Below are entries. Copy exactly the lines running from the line that holds "Proof. by rewrite /wpostcov" to the line that holds "End PredictiveCovariance.", with both ends included.

(Data records)
--------

(* Let $\sigma^2>0$, let $\phi^m:\mathbb{R}^d\to\mathbb{R}^m$ and $\phi^r:\mathbb{R}^d\to\mathbb{R}^r$ be feature maps, let $\mathbf{x}_1,\ldots,\mathbf{x}_N\in\mathbb{R}^d$ be training points with $N\ge r$ such that $\Phi^{r\top}_{\mathbf{x}}\Phi^r_{\mathbf{x}}$ is invertible, and let $\mathbf{x}'_1,\ldots,\mathbf{x}'_{N'}\in\mathbb{R}^d$ be test points. Here $\Phi^r_{\mathbf{u}}$ (resp. $\Phi^m_{\mathbf{u}}$) denotes the matrix whose $i$-th row is $\phi^r(\mathbf{u}_i)^\top$ (resp. $\phi^m(\mathbf{u}_i)^\top$). Let $A:=\Phi^{m\top}_{\mathbf{x}}\Phi^r_{\mathbf{x}}(\Phi^{r\top}_{\mathbf{x}}\Phi^r_{\mathbf{x}})^{-1}\in\mathbb{R}^{m\times r}$ (the minimizer of $\sum_{i=1}^N\|\phi^m(\mathbf{x}_i)-A\phi^r(\mathbf{x}_i)\|_2^2$), let $B:=\begin{pmatrix}A\\ I_r\end{pmatrix}\in\mathbb{R}^{(m+r)\times r}$ and $\phi^B(x):=B\phi^r(x)$. Define $k^B_{\mathbf{u},\mathbf{v}}:=\Phi^r_{\mathbf{u}}B^\top B\Phi^{r\top}_{\mathbf{v}}$, $k^r_{\mathbf{u},\mathbf{v}}:=\Phi^r_{\mathbf{u}}\Phi^{r\top}_{\mathbf{v}}$, and $$S^B_{\mathbf{x}',\mathbf{x}'}:=k^B_{\mathbf{x}',\mathbf{x}'}-k^B_{\mathbf{x}',\mathbf{x}}(k^B_{\mathbf{x},\mathbf{x}}+\sigma^2I_N)^{-1}k^B_{\mathbf{x},\mathbf{x}'},\qquad S^{\mathrm{BLL}}_{\mathbf{x}',\mathbf{x}'}:=k^r_{\mathbf{x}',\mathbf{x}'}-k^r_{\mathbf{x}',\mathbf{x}}(k^r_{\mathbf{x},\mathbf{x}}+\sigma^2I_N)^{-1}k^r_{\mathbf{x},\mathbf{x}'}.$$ Then $S^B_{\mathbf{x}',\mathbf{x}'}\succeq S^{\mathrm{BLL}}_{\mathbf{x}',\mathbf{x}'}$ in the Loewner (positive semidefinite) order. The same holds when $\phi^B$ is replaced by the equivalent features $\phi^L(x):=L^\top\phi^r(x)$, where $LL^\top=B^\top B$ is the Cholesky decomposition.
   Context: In the motivating application, $\phi^r$ are the last-layer (Bayesian last layer) features of a trained network and $\phi^m$ are the gradients of the network output with respect to all non-last-layer parameters; $S^{\mathrm{BLL}}$ is the predictive covariance of a standard Bayesian last layer and $S^B$ that of the approximate NTK features. *)

From HB Require Import structures.
From mathcomp Require Import all_boot all_order all_algebra.
Set Implicit Arguments. Unset Strict Implicit. Unset Printing Implicit Defensive.
Import Order.TTheory GRing.Theory Num.Theory.
Local Open Scope ring_scope.

(* Feature maps are represented in row form: phi x = phi(x)^T : 'rV_k. *)

Definition featmx (R : pzRingType) (d k n : nat)
  (phi : 'rV[R]_d -> 'rV[R]_k) (u : 'I_n -> 'rV[R]_d) : 'M[R]_(n, k) :=
  \matrix_(i < n) phi (u i).

Definition lsqA (R : fieldType) (d m r N : nat)
  (phim : 'rV[R]_d -> 'rV[R]_m) (phir : 'rV[R]_d -> 'rV[R]_r)
  (x : 'I_N -> 'rV[R]_d) : 'M[R]_(m, r) :=
  (featmx phim x)^T *m featmx phir x *m invmx ((featmx phir x)^T *m featmx phir x).

Definition Bmx (R : fieldType) (d m r N : nat)
  (phim : 'rV[R]_d -> 'rV[R]_m) (phir : 'rV[R]_d -> 'rV[R]_r)
  (x : 'I_N -> 'rV[R]_d) : 'M[R]_(m + r, r) :=
  col_mx (lsqA phim phir x) 1%:M.

(* Linear transform of features: psi(x) := M phi(x), in row form phi(x)^T M^T. *)
Definition lin_feat (R : pzRingType) (d r p : nat) (M : 'M[R]_(p, r))
  (phi : 'rV[R]_d -> 'rV[R]_r) : 'rV[R]_d -> 'rV[R]_p :=
  fun z => phi z *m M^T.

Definition kmx (R : pzRingType) (d k n n' : nat) (phi : 'rV[R]_d -> 'rV[R]_k)
  (u : 'I_n -> 'rV[R]_d) (v : 'I_n' -> 'rV[R]_d) : 'M[R]_(n, n') :=
  featmx phi u *m (featmx phi v)^T.

Definition postcov (R : fieldType) (d k N N' : nat) (phi : 'rV[R]_d -> 'rV[R]_k)
  (sigma2 : R) (x : 'I_N -> 'rV[R]_d) (x' : 'I_N' -> 'rV[R]_d) : 'M[R]_N' :=
  kmx phi x' x' - kmx phi x' x *m invmx (kmx phi x x + sigma2%:M) *m kmx phi x x'.

Definition psdmx (R : numDomainType) (n : nat) (M : 'M[R]_n) : Prop :=
  forall v : 'cV[R]_n, 0 <= (v^T *m M *m v) 0 0.

Definition loewner_ge (R : numDomainType) (n : nat) (S T : 'M[R]_n) : Prop :=
  psdmx (S - T).

Definition is_cholesky (R : numDomainType) (n : nat) (L M : 'M[R]_n) : Prop :=
  [/\ forall i j : 'I_n, (i < j)%N -> L i j = 0,
      forall i : 'I_n, 0 < L i i
    & L *m L^T = M].

From HB Require Import structures.
From mathcomp Require Import all_boot all_order all_algebra.
From mathcomp Require Import ring.
Import Order.TTheory GRing.Theory Num.Theory.
Set Implicit Arguments. Unset Strict Implicit. Unset Printing Implicit Defensive.
Local Open Scope ring_scope.

(* Both covariances are posteriors of Bayesian linear regression on the same
   features phi^r, with weight prior covariance G = B^T B for phi^B (also for
   phi^L, as L L^T = B^T B) and G = I for the Bayesian last layer:
     S_G = Phi' G Phi'^T - Phi' G Phi^T (Phi G Phi^T + sigma^2 I)^-1 Phi G Phi'^T.
   Completing the square shows that v^T S_G v is the minimum over w of the
   ridge objective (a - Phi^T w)^T G (a - Phi^T w) + sigma^2 w^T w with
   a = Phi'^T v, which is monotone in G.  Since B^T B = A^T A + I >= I, the
   comparison follows. *)

Ltac mx11_ring := apply/matrixP => i j; rewrite !ord1 !mxE; ring.

Section QuadraticForms.
Variable R : realDomainType.

Lemma mulmx_tr_self_ge0 n (u : 'cV[R]_n) : 0 <= (u^T *m u) 0 0.
Proof. by rewrite mxE; apply: sumr_ge0 => i _; rewrite mxE -expr2 sqr_ge0. Qed.

Lemma mulmx_tr_self_eq0 n (u : 'cV[R]_n) : (u^T *m u) 0 0 = 0 -> u = 0.
Proof.
rewrite mxE => /psumr_eq0P u0; apply/matrixP => i j; rewrite ord1 mxE.
have sq_ge0 k : true -> 0 <= u^T 0 k * u k 0 by rewrite mxE -expr2 sqr_ge0.
have /eqP := u0 sq_ge0 i isT.
by rewrite mxE mulf_eq0 orbb => /eqP.
Qed.

Lemma qform_scalar_mx n (s : R) (v : 'cV[R]_n) :
  v^T *m s%:M *m v = s *: (v^T *m v).
Proof. by rewrite mul_mx_scalar scalemxAl. Qed.

Lemma psdmxD n (A B : 'M[R]_n) : psdmx A -> psdmx B -> psdmx (A + B).
Proof. by move=> A0 B0 v; rewrite mulmxDr mulmxDl mxE addr_ge0. Qed.

Lemma psdmx_scalar n (s : R) : 0 <= s -> psdmx (s%:M : 'M_n).
Proof. by move=> s0 v; rewrite qform_scalar_mx mxE mulr_ge0 ?mulmx_tr_self_ge0. Qed.

Lemma psdmx_mulmx_tr p n (A : 'M[R]_(p, n)) : psdmx (A^T *m A).
Proof. by move=> v; rewrite mulmxA -trmx_mul -mulmxA mulmx_tr_self_ge0. Qed.

Lemma psdmx_conj n p (A : 'M[R]_(n, p)) (G : 'M[R]_p) :
  psdmx G -> psdmx (A *m G *m A^T).
Proof. by move=> G0 v; have := G0 (A^T *m v); rewrite trmx_mul trmxK !mulmxA. Qed.

End QuadraticForms.

Lemma psdmx_add_scalar_unitmx (R : realFieldType) n (M : 'M[R]_n) (s : R) :
  psdmx M -> 0 < s -> M + s%:M \in unitmx.
Proof.
move=> M0 s0; rewrite unitmxE unitfE; apply/negP => /det0P [v v0 vM].
have : ((v^T)^T *m (M + s%:M) *m v^T) 0 0 = 0 by rewrite trmxK vM mul0mx mxE.
rewrite mulmxDr mulmxDl qform_scalar_mx mxE [X in _ + X]mxE => /eqP.
rewrite paddr_eq0 ?(M0 v^T) ?mulr_ge0 ?mulmx_tr_self_ge0 ?(ltW s0) //.
rewrite mulf_eq0 (gt_eqF s0) /=.
by case/andP => _ /eqP/mulmx_tr_self_eq0/eqP; rewrite trmx_eq0 (negPf v0).
Qed.

Lemma complete_square (R : comUnitRingType) n (K : 'M[R]_n) (c w : 'cV[R]_n) :
  K^T = K -> K \in unitmx ->
  w^T *m K *m w - w^T *m c - c^T *m w =
  (w - invmx K *m c)^T *m K *m (w - invmx K *m c) - c^T *m invmx K *m c.
Proof.
move=> Ksym Kunit; set u := invmx K *m c.
have Ku : K *m u = c by rewrite mulmxA mulmxV ?mul1mx.
have uK : u^T *m K = c^T by rewrite -Ksym -trmx_mul Ku.
rewrite !mulmxBr [(w - u)^T]linearB /= !mulmxBl -[w^T *m K *m u]mulmxA Ku uK.
rewrite -[c^T *m invmx K *m c]mulmxA -/u.
by rewrite opprD opprK !addrA addrK addrAC.
Qed.

Section RidgeRegression.
Variables (R : realFieldType) (N r : nat) (Phi : 'M[R]_(N, r)) (s : R).

Definition kreg (G : 'M[R]_r) : 'M[R]_N := Phi *m G *m Phi^T + s%:M.

Definition postvar (G : 'M[R]_r) (a : 'cV[R]_r) : 'M[R]_1 :=
  a^T *m G *m a - a^T *m G *m Phi^T *m invmx (kreg G) *m Phi *m G *m a.

Definition ridge_obj (G : 'M[R]_r) (a : 'cV[R]_r) (w : 'cV[R]_N) : 'M[R]_1 :=
  (a - Phi^T *m w)^T *m G *m (a - Phi^T *m w) + s *: (w^T *m w).

Lemma ridge_objE G a w : G^T = G -> kreg G \in unitmx ->
  let w0 := invmx (kreg G) *m (Phi *m G *m a) in
  ridge_obj G a w = postvar G a + (w - w0)^T *m kreg G *m (w - w0).
Proof.
move=> Gsym Kunit w0; set c := Phi *m G *m a.
have Ksym : (kreg G)^T = kreg G.
  by rewrite /kreg linearD /= tr_scalar_mx !trmx_mul trmxK Gsym mulmxA.
have cT : c^T = a^T *m G *m Phi^T by rewrite !trmx_mul Gsym mulmxA.
have expand : ridge_obj G a w =
    a^T *m G *m a + (w^T *m kreg G *m w - w^T *m c - c^T *m w).
  rewrite /ridge_obj /kreg [(a - _)^T]linearB /= trmx_mul trmxK.
  rewrite !mulmxBr !mulmxBl mulmxDr mulmxDl qform_scalar_mx cT /c !mulmxA.
  by mx11_ring.
rewrite expand complete_square // /postvar cT /c -/w0 !mulmxA.
by mx11_ring.
Qed.

Lemma ridge_obj_mono (H G : 'M[R]_r) a w :
  psdmx (G - H) -> ridge_obj H a w 0 0 <= ridge_obj G a w 0 0.
Proof.
move=> GH; pose v := a - Phi^T *m w.
have diff : ridge_obj G a w - ridge_obj H a w = v^T *m (G - H) *m v.
  by rewrite /ridge_obj -/v (mulmxBr v^T) (mulmxBl _ _ v); mx11_ring.
by have := GH v; rewrite -diff -!trace_mx11 raddfB subr_ge0.
Qed.

Hypothesis s_gt0 : 0 < s.

Lemma kreg_psd (G : 'M[R]_r) : psdmx G -> psdmx (kreg G).
Proof. by move=> G0; apply: psdmxD; [apply: psdmx_conj | apply/psdmx_scalar/ltW]. Qed.

Lemma kreg_unit (G : 'M[R]_r) : psdmx G -> kreg G \in unitmx.
Proof. by move=> G0; apply: psdmx_add_scalar_unitmx => //; apply: psdmx_conj. Qed.

Lemma postvar_le_ridge_obj (G : 'M[R]_r) a w : G^T = G -> psdmx G ->
  postvar G a 0 0 <= ridge_obj G a w 0 0.
Proof.
move=> Gsym G0; rewrite ridge_objE ?kreg_unit // -[leRHS]trace_mx11 raddfD /=.
by rewrite !trace_mx11 lerDl kreg_psd.
Qed.

Lemma ridge_obj_minimizer (G : 'M[R]_r) a : G^T = G -> psdmx G ->
  ridge_obj G a (invmx (kreg G) *m (Phi *m G *m a)) = postvar G a.
Proof.
by move=> Gsym G0; rewrite ridge_objE ?kreg_unit // subrr trmx0 !mul0mx addr0.
Qed.

Lemma postvar_mono (H G : 'M[R]_r) a : H^T = H -> G^T = G ->
  psdmx H -> psdmx (G - H) -> postvar H a 0 0 <= postvar G a 0 0.
Proof.
move=> Hsym Gsym H0 GH; have G0 : psdmx G by rewrite -(subrK H G); apply: psdmxD.
rewrite -(ridge_obj_minimizer a Gsym G0).
exact: le_trans (postvar_le_ridge_obj _ _ Hsym H0) (ridge_obj_mono _ _ GH).
Qed.

End RidgeRegression.

Section PredictiveCovariance.
Variables (R : realFieldType) (N N' r : nat).
Variables (Phi : 'M[R]_(N, r)) (Phi' : 'M[R]_(N', r)) (s : R).

Definition wpostcov (G : 'M[R]_r) : 'M[R]_N' :=
  Phi' *m G *m Phi'^T -
  Phi' *m G *m Phi^T *m invmx (kreg Phi s G) *m Phi *m G *m Phi'^T.

Lemma wpostcov_qform G v : v^T *m wpostcov G *m v = postvar Phi s G (Phi'^T *m v).
Proof. by rewrite /wpostcov /postvar mulmxBr mulmxBl trmx_mul trmxK !mulmxA. Qed.

Lemma wpostcov_mono (H G : 'M[R]_r) : 0 < s -> H^T = H -> G^T = G ->
  psdmx H -> psdmx (G - H) -> loewner_ge (wpostcov G) (wpostcov H).
Proof.
move=> s_gt0 Hsym Gsym H0 GH v; rewrite mulmxBr mulmxBl !wpostcov_qform.
rewrite -trace_mx11 raddfB /= !trace_mx11 subr_ge0.
exact: postvar_mono.
Qed.

End PredictiveCovariance.

Section FeatureMaps.
Variables (R : realFieldType) (d r N N' : nat) (phi : 'rV[R]_d -> 'rV[R]_r).
Variables (s : R) (x : 'I_N -> 'rV[R]_d) (x' : 'I_N' -> 'rV[R]_d).

Lemma featmx_lin_feat p (M : 'M[R]_(p, r)) n (u : 'I_n -> 'rV[R]_d) :
  featmx (lin_feat M phi) u = featmx phi u *m M^T.
Proof. by apply/row_matrixP => i; rewrite row_mul /featmx !rowK. Qed.

Lemma postcov_lin_feat p (M : 'M[R]_(p, r)) :
  postcov (lin_feat M phi) s x x' =
  wpostcov (featmx phi x) (featmx phi x') s (M^T *m M).
Proof.
by rewrite /postcov /kmx !featmx_lin_feat /wpostcov /kreg !trmx_mul trmxK !mulmxA.
Qed.

Lemma postcov_wpostcov1 :
  postcov phi s x x' = wpostcov (featmx phi x) (featmx phi x') s 1%:M.
Proof. by rewrite /postcov /kmx /wpostcov /kreg !mulmx1 !mulmxA. Qed.

Lemma postcov_lin_feat_ge p (M : 'M[R]_(p, r)) :
  0 < s -> psdmx (M^T *m M - 1%:M) ->
  loewner_ge (postcov (lin_feat M phi) s x x') (postcov phi s x x').
Proof.
move=> s_gt0 M1; rewrite postcov_lin_feat postcov_wpostcov1.
apply: wpostcov_mono => //; first by rewrite trmx1.
- by rewrite trmx_mul trmxK.
- by move=> v; rewrite mulmx1 mulmx_tr_self_ge0.
Qed.

End FeatureMaps.

Theorem theorem3p3 (R : realFieldType) (d m r N N' : nat) (sigma2 : R)
  (phim : 'rV[R]_d -> 'rV[R]_m) (phir : 'rV[R]_d -> 'rV[R]_r)
  (x : 'I_N -> 'rV[R]_d) (x' : 'I_N' -> 'rV[R]_d) :
  0 < sigma2 ->
  (r <= N)%N ->
  (featmx phir x)^T *m featmx phir x \in unitmx ->
  loewner_ge (postcov (lin_feat (Bmx phim phir x) phir) sigma2 x x')
             (postcov phir sigma2 x x')
  /\ (forall L : 'M[R]_r,
        is_cholesky L ((Bmx phim phir x)^T *m Bmx phim phir x) ->
        loewner_ge (postcov (lin_feat L^T phir) sigma2 x x')
                   (postcov phir sigma2 x x')).
Proof.
(* The hypotheses on Phi^T Phi only make A the least-squares fit; any A works. *)
move=> s_gt0 _ _; set B := Bmx phim phir x.
have BtB1 : psdmx (B^T *m B - 1%:M).
  rewrite /B /Bmx tr_col_mx mul_row_col trmx1 mulmx1 addrK.
  exact: psdmx_mulmx_tr.
split; first exact: postcov_lin_feat_ge.
by move=> L [_ _ LLt]; apply: postcov_lin_feat_ge; rewrite // trmxK LLt.
Qed.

--------

The completed task ▸
Proof. by rewrite /wpostcov /postvar mulmxBr mulmxBl trmx_mul trmxK !mulmxA. Qed.

Lemma wpostcov_mono (H G : 'M[R]_r) : 0 < s -> H^T = H -> G^T = G ->
  psdmx H -> psdmx (G - H) -> loewner_ge (wpostcov G) (wpostcov H).
Proof.
move=> s_gt0 Hsym Gsym H0 GH v; rewrite mulmxBr mulmxBl !wpostcov_qform.
rewrite -trace_mx11 raddfB /= !trace_mx11 subr_ge0.
exact: postvar_mono.
Qed.

End PredictiveCovariance.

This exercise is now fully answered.